Exercise
The listing below must be duplicated in full, with nothing altered.

= Beginning of Section =

Lemma rhs_expand i x : (i < N)%nat ->
  rhs L N D h K u i s x = D i * Derive (Derive (u i s)) x
    - (Derive (u i s) x * velocity L N h K u s i x + u i s x * velocity' L N h K u s i x).
Proof.
  intros Hi. unfold rhs. f_equal. f_equal.
  rewrite (Derive_ext _ (fun y => u i s y * velocity L N h K u s i y)).
  2: { intros y. f_equal. apply is_derive_unique, is_derive_potential. }
  apply is_derive_unique, is_derive_Rmult.
  - apply (C2per_is_derive L), Hu; auto.
  - apply is_derive_velocity.
Qed.

Lemma continuous_rhs i x : (i < N)%nat -> continuous (rhs L N D h K u i s) x.
Proof.
  intros Hi.
  apply (continuous_ext (fun x => D i * Derive (Derive (u i s)) x
    - (Derive (u i s) x * velocity L N h K u s i x + u i s x * velocity' L N h K u s i x))).
  { intros y; symmetry; apply rhs_expand; auto. }
  assert (C0 := C2per_continuous L _ (Hu i Hi)).
  assert (C1 := C2per_continuous1 L _ (Hu i Hi)).
  assert (C2 := C2per_continuous2 L _ (Hu i Hi)).
  assert (CV := continuous_velocity i). assert (CV' := continuous_velocity' i).
  auto_cont.
Qed.

Lemma RInt_rhs i : (i < N)%nat -> @eq R (RInt (rhs L N D h K u i s) 0 L) 0.
Proof.
  intros Hi.
  set (U := u i s). set (V := velocity L N h K u s i). set (V' := velocity' L N h K u s i).
  assert (C0 := C2per_continuous L _ (Hu i Hi)). assert (C1 := C2per_continuous1 L _ (Hu i Hi)).
  assert (C2 := C2per_continuous2 L _ (Hu i Hi)).
  assert (CV := continuous_velocity i). assert (CV' := continuous_velocity' i).
  fold U V V' in C0, C1, C2, CV, CV'.
  rewrite (RInt_ext _ (fun x => D i * Derive (Derive U) x - (Derive U x * V x + U x * V' x)))
    by (intros; apply rhs_expand; auto).
  rewrite RInt_Rminus, RInt_Rscal by (apply ex_RInt_Rcontinuous; intros; auto_cont).
  rewrite (RInt_derive_periodic L (Derive U) (Derive (Derive U))), 
    (RInt_derive_periodic L (fun y => U y * V y) (fun x => Derive U x * V x + U x * V' x)).
  - ring.
  - intros y. unfold U, V. rewrite (proj1 (Hu i Hi)), periodic_velocity. reflexivity.
  - intros y. apply is_derive_Rmult; [apply (C2per_is_derive L), Hu | apply is_derive_velocity]; auto.
  - intros; auto_cont.
  - apply (C2per_periodic1 L), Hu; auto.
  - apply (C2per_is_derive2 L), Hu; auto.
  - auto.
Qed.

Lemma negcube_energy_identity i : (i < N)%nat ->
  @eq R (RInt (fun x => negcube' (u i s x) * rhs L N D h K u i s x) 0 L)
    (- D i * RInt (fun x => negcube'' (u i s x) * Derive (u i s) x ^ 2) 0 L
     - 2 * RInt (fun x => negcube (u i s x) * velocity' L N h K u s i x) 0 L).
Proof.
  intros Hi.
  set (U := u i s). set (V := velocity L N h K u s i). set (V' := velocity' L N h K u s i).
  set (U1 := Derive U). set (U2 := Derive U1).
  assert (D1 := C2per_is_derive L _ (Hu i Hi)). assert (D2 := C2per_is_derive2 L _ (Hu i Hi)).
  assert (C0 := C2per_continuous L _ (Hu i Hi)). assert (C1 := C2per_continuous1 L _ (Hu i Hi)).
  assert (C2 := C2per_continuous2 L _ (Hu i Hi)).
  assert (CV := continuous_velocity i). assert (CV' := continuous_velocity' i).
  fold U V V' U1 U2 in D1, D2, C0, C1, C2, CV, CV'.
  assert (CF := continuous_negcube). assert (CF' := continuous_negcube').
  assert (CF'' := continuous_negcube'').
  set (dg1 := fun y => negcube'' (U y) * U1 y * U1 y + negcube' (U y) * U2 y).
  set (dg2 := fun y => negcube' (U y) * U1 y * V y + negcube (U y) * V' y).
  assert (I1 : RInt dg1 0 L = 0).
  { apply (RInt_derive_periodic L (fun y => negcube' (U y) * U1 y)).
    - intros y. unfold U1, U. rewrite (proj1 (Hu i Hi)), (C2per_periodic1 L _ (Hu i Hi)). reflexivity.
    - intros y. eapply is_derive_eq.
      + apply is_derive_Rmult; [apply is_derive_Rcomp; [apply is_derive_negcube' | auto] | auto].
      + unfold dg1. ring.
    - intros; unfold dg1; auto_cont. }
  assert (I2 : RInt dg2 0 L = 0).
  { apply (RInt_derive_periodic L (fun y => negcube (U y) * V y)).
    - intros y. unfold U, V. rewrite (proj1 (Hu i Hi)), periodic_velocity. reflexivity.
    - intros y. eapply is_derive_eq.
      + apply is_derive_Rmult;
          [apply is_derive_Rcomp; [apply is_derive_negcube | auto] | apply is_derive_velocity].
      + unfold dg2, V'. ring.
    - intros; unfold dg2; auto_cont. }
  rewrite (RInt_ext _ (fun x => D i * dg1 x - D i * (negcube'' (U x) * U1 x ^ 2) - dg2 x
                                 - 2 * (negcube (U x) * V' x))).
  2: { intros x _. rewrite rhs_expand by auto. fold U V V' U1 U2. unfold dg1, dg2.
       pose proof (negcube'_mul (U x)). nra. }
  assert (Cdg1 : forall x, continuous dg1 x) by (intros; unfold dg1; auto_cont).
  assert (Cdg2 : forall x, continuous dg2 x) by (intros; unfold dg2; auto_cont).
  rewrite !RInt_Rminus, !RInt_Rscal, I1, I2 by (apply ex_RInt_Rcontinuous; intros; auto_cont).
  ring.
Qed.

= End of Section =

Reply to the task
Lemma rhs_expand i x : (i < N)%nat ->
  rhs L N D h K u i s x = D i * Derive (Derive (u i s)) x
    - (Derive (u i s) x * velocity L N h K u s i x + u i s x * velocity' L N h K u s i x).
Proof.
  intros Hi. unfold rhs. f_equal. f_equal.
  rewrite (Derive_ext _ (fun y => u i s y * velocity L N h K u s i y)).
  2: { intros y. f_equal. apply is_derive_unique, is_derive_potential. }
  apply is_derive_unique, is_derive_Rmult.
  - apply (C2per_is_derive L), Hu; auto.
  - apply is_derive_velocity.
Qed.

Lemma continuous_rhs i x : (i < N)%nat -> continuous (rhs L N D h K u i s) x.
Proof.
  intros Hi.
  apply (continuous_ext (fun x => D i * Derive (Derive (u i s)) x
    - (Derive (u i s) x * velocity L N h K u s i x + u i s x * velocity' L N h K u s i x))).
  { intros y; symmetry; apply rhs_expand; auto. }
  assert (C0 := C2per_continuous L _ (Hu i Hi)).
  assert (C1 := C2per_continuous1 L _ (Hu i Hi)).
  assert (C2 := C2per_continuous2 L _ (Hu i Hi)).
  assert (CV := continuous_velocity i). assert (CV' := continuous_velocity' i).
  auto_cont.
Qed.

Lemma RInt_rhs i : (i < N)%nat -> @eq R (RInt (rhs L N D h K u i s) 0 L) 0.
Proof.
  intros Hi.
  set (U := u i s). set (V := velocity L N h K u s i). set (V' := velocity' L N h K u s i).
  assert (C0 := C2per_continuous L _ (Hu i Hi)). assert (C1 := C2per_continuous1 L _ (Hu i Hi)).
  assert (C2 := C2per_continuous2 L _ (Hu i Hi)).
  assert (CV := continuous_velocity i). assert (CV' := continuous_velocity' i).
  fold U V V' in C0, C1, C2, CV, CV'.
  rewrite (RInt_ext _ (fun x => D i * Derive (Derive U) x - (Derive U x * V x + U x * V' x)))
    by (intros; apply rhs_expand; auto).
  rewrite RInt_Rminus, RInt_Rscal by (apply ex_RInt_Rcontinuous; intros; auto_cont).
  rewrite (RInt_derive_periodic L (Derive U) (Derive (Derive U))), 
    (RInt_derive_periodic L (fun y => U y * V y) (fun x => Derive U x * V x + U x * V' x)).
  - ring.
  - intros y. unfold U, V. rewrite (proj1 (Hu i Hi)), periodic_velocity. reflexivity.
  - intros y. apply is_derive_Rmult; [apply (C2per_is_derive L), Hu | apply is_derive_velocity]; auto.
  - intros; auto_cont.
  - apply (C2per_periodic1 L), Hu; auto.
  - apply (C2per_is_derive2 L), Hu; auto.
  - auto.
Qed.

Lemma negcube_energy_identity i : (i < N)%nat ->
  @eq R (RInt (fun x => negcube' (u i s x) * rhs L N D h K u i s x) 0 L)
    (- D i * RInt (fun x => negcube'' (u i s x) * Derive (u i s) x ^ 2) 0 L
     - 2 * RInt (fun x => negcube (u i s x) * velocity' L N h K u s i x) 0 L).
Proof.
  intros Hi.
  set (U := u i s). set (V := velocity L N h K u s i). set (V' := velocity' L N h K u s i).
  set (U1 := Derive U). set (U2 := Derive U1).
  assert (D1 := C2per_is_derive L _ (Hu i Hi)). assert (D2 := C2per_is_derive2 L _ (Hu i Hi)).
  assert (C0 := C2per_continuous L _ (Hu i Hi)). assert (C1 := C2per_continuous1 L _ (Hu i Hi)).
  assert (C2 := C2per_continuous2 L _ (Hu i Hi)).
  assert (CV := continuous_velocity i). assert (CV' := continuous_velocity' i).
  fold U V V' U1 U2 in D1, D2, C0, C1, C2, CV, CV'.
  assert (CF := continuous_negcube). assert (CF' := continuous_negcube').
  assert (CF'' := continuous_negcube'').
  set (dg1 := fun y => negcube'' (U y) * U1 y * U1 y + negcube' (U y) * U2 y).
  set (dg2 := fun y => negcube' (U y) * U1 y * V y + negcube (U y) * V' y).
  assert (I1 : RInt dg1 0 L = 0).
  { apply (RInt_derive_periodic L (fun y => negcube' (U y) * U1 y)).
    - intros y. unfold U1, U. rewrite (proj1 (Hu i Hi)), (C2per_periodic1 L _ (Hu i Hi)). reflexivity.
    - intros y. eapply is_derive_eq.
      + apply is_derive_Rmult; [apply is_derive_Rcomp; [apply is_derive_negcube' | auto] | auto].
      + unfold dg1. ring.
    - intros; unfold dg1; auto_cont. }
  assert (I2 : RInt dg2 0 L = 0).
  { apply (RInt_derive_periodic L (fun y => negcube (U y) * V y)).
    - intros y. unfold U, V. rewrite (proj1 (Hu i Hi)), periodic_velocity. reflexivity.
    - intros y. eapply is_derive_eq.
      + apply is_derive_Rmult;
          [apply is_derive_Rcomp; [apply is_derive_negcube | auto] | apply is_derive_velocity].
      + unfold dg2, V'. ring.
    - intros; unfold dg2; auto_cont. }
  rewrite (RInt_ext _ (fun x => D i * dg1 x - D i * (negcube'' (U x) * U1 x ^ 2) - dg2 x
                                 - 2 * (negcube (U x) * V' x))).
  2: { intros x _. rewrite rhs_expand by auto. fold U V V' U1 U2. unfold dg1, dg2.
       pose proof (negcube'_mul (U x)). nra. }
  assert (Cdg1 : forall x, continuous dg1 x) by (intros; unfold dg1; auto_cont).
  assert (Cdg2 : forall x, continuous dg2 x) by (intros; unfold dg2; auto_cont).
  rewrite !RInt_Rminus, !RInt_Rscal, I1, I2 by (apply ex_RInt_Rcontinuous; intros; auto_cont).
  ring.
Qed.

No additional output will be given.